Ibnovate Course 2 · The Rising Builders
⏱ 75 minLive session · ages 12–15

Session 3 — Your First Prediction

Duration: 75 min · Format: live online · Ages: 12–15

Session goal: by the end, students can explain how a model learns a pattern, why we split data into training and test sets, and can build and run a real prediction with scikit-learn.

Before class — prep (5 min)

Agenda

Time Segment
0:00 Hook — you already spot patterns (5 min)
0:05 Teach — a model learns the pattern, then predicts (13 min)
0:18 Teach — train, then test (no cheating) (13 min)
0:31 Activity — build a real predictor in Colab (27 min)
0:58 Check for understanding (10 min)
1:08 Wrap-up + homework (7 min)

0:00 · Hook (5 min)

Ask the class and take a few answers (chat or unmute):

Land the idea: their brain already sees the pattern. A model is just a program that finds that pattern in data and uses it to predict new cases. Tell them that today they'll make a computer predict — not magic, just patterns and math.

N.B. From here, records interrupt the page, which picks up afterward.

Lemma quotient_hom_ext {H : graph} (h h' : gmor quotient_graph H) (k : gmor G H) :
  comp_eq h quotient_proj k -> comp_eq h' quotient_proj k -> gmor_eq h h'.
Proof.
  intros [E0 E1] [E0' E1']; split; intro c.
  - rewrite <- (qclass_repr RN c); exact (eq_trans (E0 _) (eq_sym (E0' _))).
  - rewrite <- (qclass_repr RA c); exact (eq_trans (E1 _) (eq_sym (E1' _))).
Qed.

End QuotientGraph.

(** * Gluing coverings along morphisms of C_X *)

(* A family of objects of C_X together with a family of morphisms between
   them; its gluing is their colimit in C_X. *)
Record glue_data (X : graph) : Type := GlueData {
  gl_index : Type;
  gl_obj : gl_index -> cov_obj X;
  gl_edge : Type;
  gl_src : gl_edge -> gl_index;
  gl_tgt : gl_edge -> gl_index;
  gl_map : forall k, cov_hom (gl_obj (gl_src k)) (gl_obj (gl_tgt k))
}.

Arguments gl_index {X} _.
Arguments gl_obj {X} _ _.
Arguments gl_edge {X} _.
Arguments gl_src {X} _ _.
Arguments gl_tgt {X} _ _.
Arguments gl_map {X} _ _.

Section Gluing.
Context {X : graph} (D : glue_data X).

Definition glue_sum : graph := sum_graph (fun i => cov_dom (gl_obj D i)).

Definition glue_node (z z' : node glue_sum) : Prop :=
  exists k x, z = existT _ (gl_src D k) x /\
              z' = existT _ (gl_tgt D k) (m0 (ch_map (gl_map D k)) x).

Definition glue_harc (z z' : harc glue_sum) : Prop :=
  exists k u, z = existT _ (gl_src D k) u /\
              z' = existT _ (gl_tgt D k) (m1 (ch_map (gl_map D k)) u).

Lemma glue_harc_src u v : glue_harc u v -> glue_node (src u) (src v).
Proof.
  intros (k & w & -> & ->); exists k, (src w); simpl; rewrite m_src; split; reflexivity.
Qed.

Lemma glue_harc_inv u v : glue_harc u v -> glue_harc (inv u) (inv v).
Proof.
  intros (k & w & -> & ->); exists k, (inv w); simpl; rewrite m_inv; split; reflexivity.
Qed.

Definition glued_graph : graph :=
  quotient_graph glue_sum glue_node glue_harc glue_harc_src glue_harc_inv.

Definition glue_proj : gmor glue_sum glued_graph :=
  quotient_proj glue_sum glue_node glue_harc glue_harc_src glue_harc_inv.

Section GluedDesc.
Context {H : graph} (f : forall i, gmor (cov_dom (gl_obj D i)) H).
Hypothesis f_compat :
  forall k, comp_eq (f (gl_tgt D k)) (ch_map (gl_map D k)) (f (gl_src D k)).

Lemma copair_glue_node z z' :
  glue_node z z' -> m0 (sum_copair _ f) z = m0 (sum_copair _ f) z'.
Proof. intros (k & x & -> & ->); symmetry; apply (f_compat k). Qed.

Lemma copair_glue_harc z z' :
  glue_harc z z' -> m1 (sum_copair _ f) z = m1 (sum_copair _ f) z'.
Proof. intros (k & u & -> & ->); symmetry; apply (f_compat k). Qed.

Definition glued_desc : gmor glued_graph H :=
  quotient_desc glue_sum glue_node glue_harc glue_harc_src glue_harc_inv
    (sum_copair _ f) copair_glue_node copair_glue_harc.

Lemma glued_desc_node i x :
  m0 glued_desc (qclass glue_node (existT _ i x)) = m0 (f i) x.
Proof.
  exact (proj1 (quotient_desc_proj glue_sum glue_node glue_harc glue_harc_src
                glue_harc_inv _ copair_glue_node copair_glue_harc) (existT _ i x)).
Qed.

Lemma glued_desc_harc i u :
  m1 glued_desc (qclass glue_harc (existT _ i u)) = m1 (f i) u.
Proof.
  exact (proj2 (quotient_desc_proj glue_sum glue_node glue_harc glue_harc_src
                glue_harc_inv _ copair_glue_node copair_glue_harc) (existT _ i u)).
Qed.

End GluedDesc.

Definition glued_map : gmor glued_graph X :=
  glued_desc (fun i => cov_map (gl_obj D i)) (fun k => ch_comm _ _ (gl_map D k)).

Lemma glued_map_node i x :
  m0 glued_map (qclass glue_node (existT _ i x)) = m0 (cov_map (gl_obj D i)) x.
Proof. exact (glued_desc_node _ _ i x). Qed.

Lemma glued_map_harc i u :
  m1 glued_map (qclass glue_harc (existT _ i u)) = m1 (cov_map (gl_obj D i)) u.
Proof. exact (glued_desc_harc _ _ i u). Qed.

(* Arcs can be transported along the gluing relation: since the gluing maps
   are coverings, every arc at z is glued to an arc at any z' glued to z. *)
Definition transports (z z' : node glue_sum) : Prop :=
  forall u : harc (cov_dom (gl_obj D (projT1 z))), at_node (projT2 z) u ->
  exists u' : harc (cov_dom (gl_obj D (projT1 z'))), at_node (projT2 z') u' /\
    eqv glue_harc (existT _ (projT1 z) u) (existT _ (projT1 z') u').

Lemma transports_refl z : transports z z.
Proof. intros u Hu; exists u; split; [exact Hu | apply rst_refl]. Qed.

Lemma transports_trans z1 z2 z3 :
  transports z1 z2 -> transports z2 z3 -> transports z1 z3.
Proof.
  intros H12 H23 u Hu.
  destruct (H12 u Hu) as [u2 [Hu2 R2]]; destruct (H23 u2 Hu2) as [u3 [Hu3 R3]].
  exists u3; split; [exact Hu3 | eapply rst_trans; eassumption].
Qed.

Lemma glue_node_transports z z' : glue_node z z' -> transports z z' /\ transports z' z.
Proof.
  intros (k & x & -> & ->); split; intros u Hu; simpl in *.
  - exists (m1 (ch_map (gl_map D k)) u); split; [apply gmor_at_node; exact Hu |].
    apply rst_step; exists k, u; split; reflexivity.
  - destruct (proj2 (ch_is_covering _ _ (gl_map D k) x) u Hu) as [u0 [Hu0 Hs]].
    assert (Hv : exists v, at_node x v /\ m1 (ch_map (gl_map D k)) v = u).
    { destruct Hs as [Hs | Hs]; [exists u0 | exists (inv u0)];
        split; auto using at_node_inv.
      rewrite m_inv, Hs, inv_invol; reflexivity. }
    destruct Hv as [v [Hv <-]]; exists v; split; [exact Hv |].
    apply rst_sym, rst_step; exists k, v; split; reflexivity.
Qed.

Lemma eqv_transports z z' : eqv glue_node z z' -> transports z z'.
Proof.
  intro H; cut (transports z z' /\ transports z' z); [tauto |].
  induction H as [a b Hab | a | a b _ [] | a b c _ [] _ []].
  - apply glue_node_transports; exact Hab.
  - split; apply transports_refl.
  - split; assumption.
  - split; eapply transports_trans; eassumption.
Qed.

Lemma glued_at_node i (x : node (cov_dom (gl_obj D i))) (e : harc glued_graph) :
  @at_node glued_graph (qclass glue_node (existT _ i x)) e ->
  exists u, at_node x u /\ e = qclass glue_harc (existT _ i u).
Proof.
  rewrite <- (qclass_repr glue_harc e); destruct (qrepr glue_harc e) as [j u].
  intros Hat.
  assert (Hz : eqv glue_node (existT _ j (src u)) (existT _ i x) \/
               eqv glue_node (existT _ j (tgt u)) (existT _ i x)).
  { destruct Hat as [Hat | Hat]; [left | right]; apply qclass_eq; rewrite <- Hat;
      symmetry; [exact (qg_src_class _ _ _ glue_harc_src _) |
       exact (qg_tgt_class _ _ _ glue_harc_src glue_harc_inv _)]. }
  destruct Hz as [Hz | Hz]; apply eqv_transports in Hz;
    destruct (Hz u) as [u' [Hu' R]]; simpl in *;
    solve [left; reflexivity | right; reflexivity |
           exists u'; split; [exact Hu' | apply qclass_eq; exact R]].
Qed.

0:05 · Teach — A model learns the pattern, then predicts (13 min)

Explain: give a model some data points, and it finds the line — the pattern — that fits them. Then it can predict a new value by reading off that line.

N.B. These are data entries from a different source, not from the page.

Lemma u_representable r g : theta l r = 0 -> I g -> exists w, u_represents delta theta u g w.
Proof.
move=> r0 Ig; have [-> | nzg] := eqVneq g 0.
  by exists (u ++ r); split; [exists [::], r | rewrite theta_cat r0 mulmx0 | left].
have [y Ty] : exists y, theta l y = g by case: I_zmin => [[_ I_img _] _ _]; apply: I_img.
have Iy : I (theta l y) by rewrite Ty.
have nzy : theta l y != 0 by rewrite Ty.
have [w0 [u_w0 Tw0 _]] := zero_minimal_ideal_infix_rk delta (theta_cat l) (theta_nil l)
  (@theta_span l) I_zmin nz_u Iy nzy Ig.
pose P r := exists w, [/\ in_two_sided u w, theta l w = g & rk delta w = r].
have [_ [[w [u_w Tw <-]] w_min]] : exists r, is_min P r.
  by apply: ex_is_min; exists (rk delta w0), w0.
by exists w; split=> //; right=> w' u_w' Tw'; apply: w_min; exists w'.
Qed.

Lemma u_represents_rk_le g w y : I g -> g != 0 -> u_represents delta theta u g w ->
  I (theta l y) -> theta l y != 0 -> (rk delta w <= rk delta y)%N.
Proof.
move=> Ig nzg [_ _ [g0 | w_min]] Iy nzy; first by rewrite g0 eqxx in nzg.
have [w' [u_w' Tw' le_w'y]] := zero_minimal_ideal_infix_rk delta (theta_cat l)
  (theta_nil l) (@theta_span l) I_zmin nz_u Iy nzy Ig.
exact: leq_trans (w_min w' u_w' Tw') le_w'y.
Qed.

Lemma u_represents_Rnk g w : I g -> g != 0 -> u_represents delta theta u g w ->
  Rnk_ideal delta (theta l) I (rk delta w).
Proof.
move=> Ig nzg w_rep; have [_ Tw _] := w_rep.
have le_w := u_represents_rk_le Ig nzg w_rep.
split; last by move=> _ [g' [Ig' nzg' [[y [Ty <-]] _]]]; apply: le_w; rewrite Ty.
exists g; split=> //; split; first by exists w.
by move=> _ [y [Ty <-]]; apply: le_w; rewrite Ty.
Qed.

End Representation.

Theorem mainTheorem5 (R : realType) (Sigma : finType) (n : nat)
  (delta : Sigma -> 'I_n.+1 -> 'I_n.+1)
  (k : nat) (d : 'I_k -> nat)
  (phi : forall l : 'I_k, 'M[R[i]]_n -> 'M[R[i]]_(d l)) :
  synchronizing delta ->
  wedderburn_decomp (gen_alg (fun M => exists u, M = rho delta R[i] u)) phi ->
  let theta := fun (l : 'I_k) (u : seq Sigma) => phi l (rho delta R[i] u) in
  forall (v u : seq Sigma) (l : 'I_k),
    v_minimal theta v u -> l \in supp theta u ->
    (forall I : 'M[R[i]]_(d l) -> Prop, zero_minimal_ideal (theta l) I ->
       (forall g, I g -> exists w, u_represents delta theta u g w) /\
       (forall g w, I g -> g != 0 -> u_represents delta theta u g w ->
          Rnk_ideal delta (theta l) I (rk delta w))) /\
    (forall x : seq Sigma, (exists l', l' \in supp theta u /\ theta l' x = 0) ->
       forall j, j \in supp theta u -> theta j x = 0).
Proof.
move=> [r rk_r] [_ phi_lin [phi_mul phi_one] phi_onto _] theta v u l u_vmin l_u.
have theta_cat : forall l x y, theta l (x ++ y) = theta l x *m theta l y.
  exact: phi_rho_cat phi_mul.
have theta_nil : forall l, theta l [::] = 1%:M by exact: phi_rho_nil phi_one.
have theta_span : forall l (M : 'M_(d l)),
    exists s : seq (R[i] * seq Sigma), M = \sum_(p <- s) p.1 *: theta l p.2.
  exact: phi_rho_span phi_lin phi_onto.
have theta_r : theta l r = 0 by exact: (phi_rho_rk1 phi_lin l rk_r).
have nz_u : theta l u != 0 by rewrite inE in l_u.
clearbody theta.
split=> [I I_zmin | x [l' [l'_u l'x0]]].
  split=> [g | g w].
    exact: (u_representable delta theta_cat theta_nil theta_span nz_u I_zmin theta_r).
  exact: (u_represents_Rnk theta_cat theta_nil theta_span nz_u I_zmin).
exact: (v_minimal_supp_eq0 theta_cat theta_span u_vmin l'_u l'x0).
Qed.
Lemma picard_increment k x : 0 <= x <= 1 ->
  Rabs (picard (S k) x - picard k x) <= increment_bound k x.
Proof.
  revert x. induction k as [|k IH]; intros x Hx.
  - apply (bound_by_deriv (fun t => picard 1 t - picard 0 t) (increment_bound 0)
             (fun t => G t (picard 0 t) - 0) (fun t => - (2 * L) * increment_bound 0 t) x Hx).
    + intros t Ht. apply (is_derive_minus (picard 1) (picard 0)); [apply picard_deriv; lra|].
      apply (is_derive_const (K := R_AbsRing) (V := R_NormedModule) 0).
    + intros; apply increment_bound_deriv.
    + intros t Ht. apply continuity_pt_minus; apply picard_cont.
    + intros; apply (derive_continuity_pt _ _ _ (increment_bound_deriv 0 _)).
    + intros t Ht. rewrite Rminus_0_r. eapply Rle_trans; [apply G_bound|].
      unfold increment_bound. simpl. pose proof bound_nonneg.
      assert (1 <= exp (2 * L * (1 - t))).
      { pose proof (exp_ineq1_le (2 * L * (1 - t))).
        assert (0 <= 2 * L * (1 - t)) by (apply Rmult_le_pos; lra). lra. }
      replace (- (- (2 * L) * (B / (2 * L) * 1 * exp (2 * L * (1 - t))))) with
         (B * exp (2 * L * (1 - t))) by (field; lra).
      rewrite <- (Rmult_1_r B) at 1. apply Rmult_le_compat_l; lra.
    + rewrite !picard_one. ring.
    + apply increment_bound_nonneg.
  - apply (bound_by_deriv (fun t => picard (S (S k)) t - picard (S k) t) (increment_bound (S k))
             (fun t => G t (picard (S k) t) - G t (picard k t))
             (fun t => - (2 * L) * increment_bound (S k) t) x Hx).
    + intros t Ht. apply (is_derive_minus (picard (S (S k))) (picard (S k)));
      apply picard_deriv; lra.
    + intros; apply increment_bound_deriv.
    + intros t Ht. apply continuity_pt_minus; apply picard_cont.
    + intros; apply (derive_continuity_pt _ _ _ (increment_bound_deriv (S k) _)).
    + intros t Ht. eapply Rle_trans; [apply G_lip|].
      replace (- (- (2 * L) * increment_bound (S k) t))
        with (L * increment_bound k t) by (unfold increment_bound; simpl; field; lra).
      apply Rmult_le_compat_l; [lra|]. apply IH; lra.
    + rewrite !picard_one. ring.
    + apply increment_bound_nonneg.
Qed.
(* Let $\Sigma$ be a finite ranked set, $X$ a ranked set and $G\in\mathsf{H}X$. Then there is an operation $f$, taking an arity-respecting $X$-indexed family of models (one model $\mathcal{A}_x$ in the image of $\lceil\cdot\rceil$ on $\mathsf{H}\Sigma$ of arity equal to that of $x$ for each $x\in X$) to a model, which is compatible with counting MSO and satisfies $f\big((\lceil\eta(x)\rceil)_{x\in X}\big)=\lceil [\![G]\!](\eta)\rceil$ (up to isomorphism) for every arity-preserving valuation $\eta:X\to\mathsf{H}\Sigma$.
   Context: A ranked set is a set in which each element has an arity in $\{0,1,2,\dots\}$. A sourced hypergraph of arity $n$ over $\Sigma$: finite vertex set, finite ranked set of hyperedges labelled arity-preservingly by $\Sigma$, incidence mapping each $m$-ary hyperedge $e$ to a non-repeating list $e[1],\dots,e[m]$ of vertices, injective sources $\{1,\dots,n\}\to$ vertices; $\mathsf{H}\Sigma$ denotes these up to isomorphism. Flattening of $K\in\mathsf{H}\mathsf{H}\Sigma$: hyperedges $(e,f)$, $e$ a hyperedge of $K$, $f$ a hyperedge of the label of $e$ (label from $f$); vertices: vertices of $K$ and pairs $(e,v)$ with $v$ a non-source vertex of the label of $e$; sources from $K$; incidence of $(e,f)$ is that of $f$ with $v\mapsto(e,v)$ for non-sources and $v\mapsto e[i]$ if $v$ is the $i$-th source of the label of $e$. $[\![G]\!](\eta)$ is the flattening of the element of $\mathsf{H}\mathsf{H}\Sigma$ obtained from $G$ by replacing each label $x$ by $\eta(x)$. For $K\in\mathsf{H}\Sigma$, the model $\lceil K\rceil$ has universe the disjoint union of vertices and hyperedges, for each $a\in\Sigma$ a unary relation of hyperedges labelled $a$, for each $i$ up to the maximal arity in $\Sigma$ a binary relation $\{(e,v):e[i]=v\}$, and for each $i$ up to the arity of $K$ a constant for the $i$-th source. Counting MSO (in extended syntax) is MSO extended with predicates $|Y|\equiv k\bmod m$ (true iff $Y$ finite of size $\equiv k$ mod $m$), a binary set-inclusion predicate, a unary ''is a singleton'' predicate, and for every quantifier-free first-order formula $\psi(x)$ with one free variable a set constant $[\psi]$ denoting the set of elements satisfying $\psi$; quantifier rank counts first- and second-order quantifiers alike. For $r\in\mathbb{N}$ and $M\subseteq\mathbb{N}$, two models over the same vocabulary are $(r,M)$-equivalent if they satisfy the same counting MSO sentences of quantifier rank at most $r$ using only moduli from $M$. An operation on families of models is compatible with counting MSO if for all $r$ and $M$, componentwise $(r,M)$-equivalent input families yield $(r,M)$-equivalent outputs. *)

From Stdlib Require Import List.
From mathcomp Require Import all_boot.

Set Implicit Arguments.
Unset Strict Implicit.
Unset Printing Implicit Defensive.

(* A ranked set is a type L with an arity function ar : L -> nat.           *)
(* A (raw) sourced hypergraph of arity n over (L, ar): finite vertex type,  *)
(* finite hyperedge type, a labelling of hyperedges by L; the arity of a    *)
(* hyperedge is the arity of its label (so the labelling is arity-          *)
(* preserving by construction); incidence e[0..ar(lab e)-1] (0-based) and   *)
(* sources 0..n-1 (0-based).                                                 *)

Record hgraph (L : Type) (ar : L -> nat) (n : nat) := HGraph {
  hV : finType;
  hE : finType;
  hlab : hE -> L;
  hinc : forall e : hE, 'I_(ar (hlab e)) -> hV;
  hsrc : 'I_n -> hV
}.
Arguments hV {L ar n} h.
Arguments hE {L ar n} h.
Arguments hlab {L ar n h} h0.
Arguments hinc {L ar n h} e _.
Arguments hsrc {L ar n} h i.

Definition wf_hgraph L (ar : L -> nat) n (H : hgraph ar n) : Prop :=
  (forall e, injective (@hinc _ _ _ H e)) /\ injective (@hsrc _ _ _ H).

Section Flatten.
Variables (S : Type) (arS : S -> nat) (X : Type) (arX : X -> nat) (n : nat).
Variable G : hgraph arX n.
Variable eta : forall x : X, hgraph arS (arX x).

Definition nonsrc k (H : hgraph arS k) (v : hV H) : bool :=
  [forall i, hsrc H i != v].

Lemma pick_none_nonsrc k (H : hgraph arS k) (v : hV H) :
  [pick i | hsrc H i == v] = None -> nonsrc v.
Proof.
case: pickP => // P _; apply/forallP => i; apply/negP => /eqP E.
by have := P i; rewrite E eqxx.
Qed.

Share this diagram and name the three parts:

A scatter of points, a model line through them, and a predicted new point

Ask: "If all the dots sat perfectly on one straight line, how confident would the prediction be? What if they were scattered everywhere?" (Answer: a tight line means a strong, reliable pattern; a scattered cloud means a weak one.)

⚠ Watch for: students may think the model "memorises" the answers. It doesn't store the dots — it learns a general rule (the line) it can apply to inputs it has never seen.


0:18 · Teach — Train, then test — no cheating (13 min)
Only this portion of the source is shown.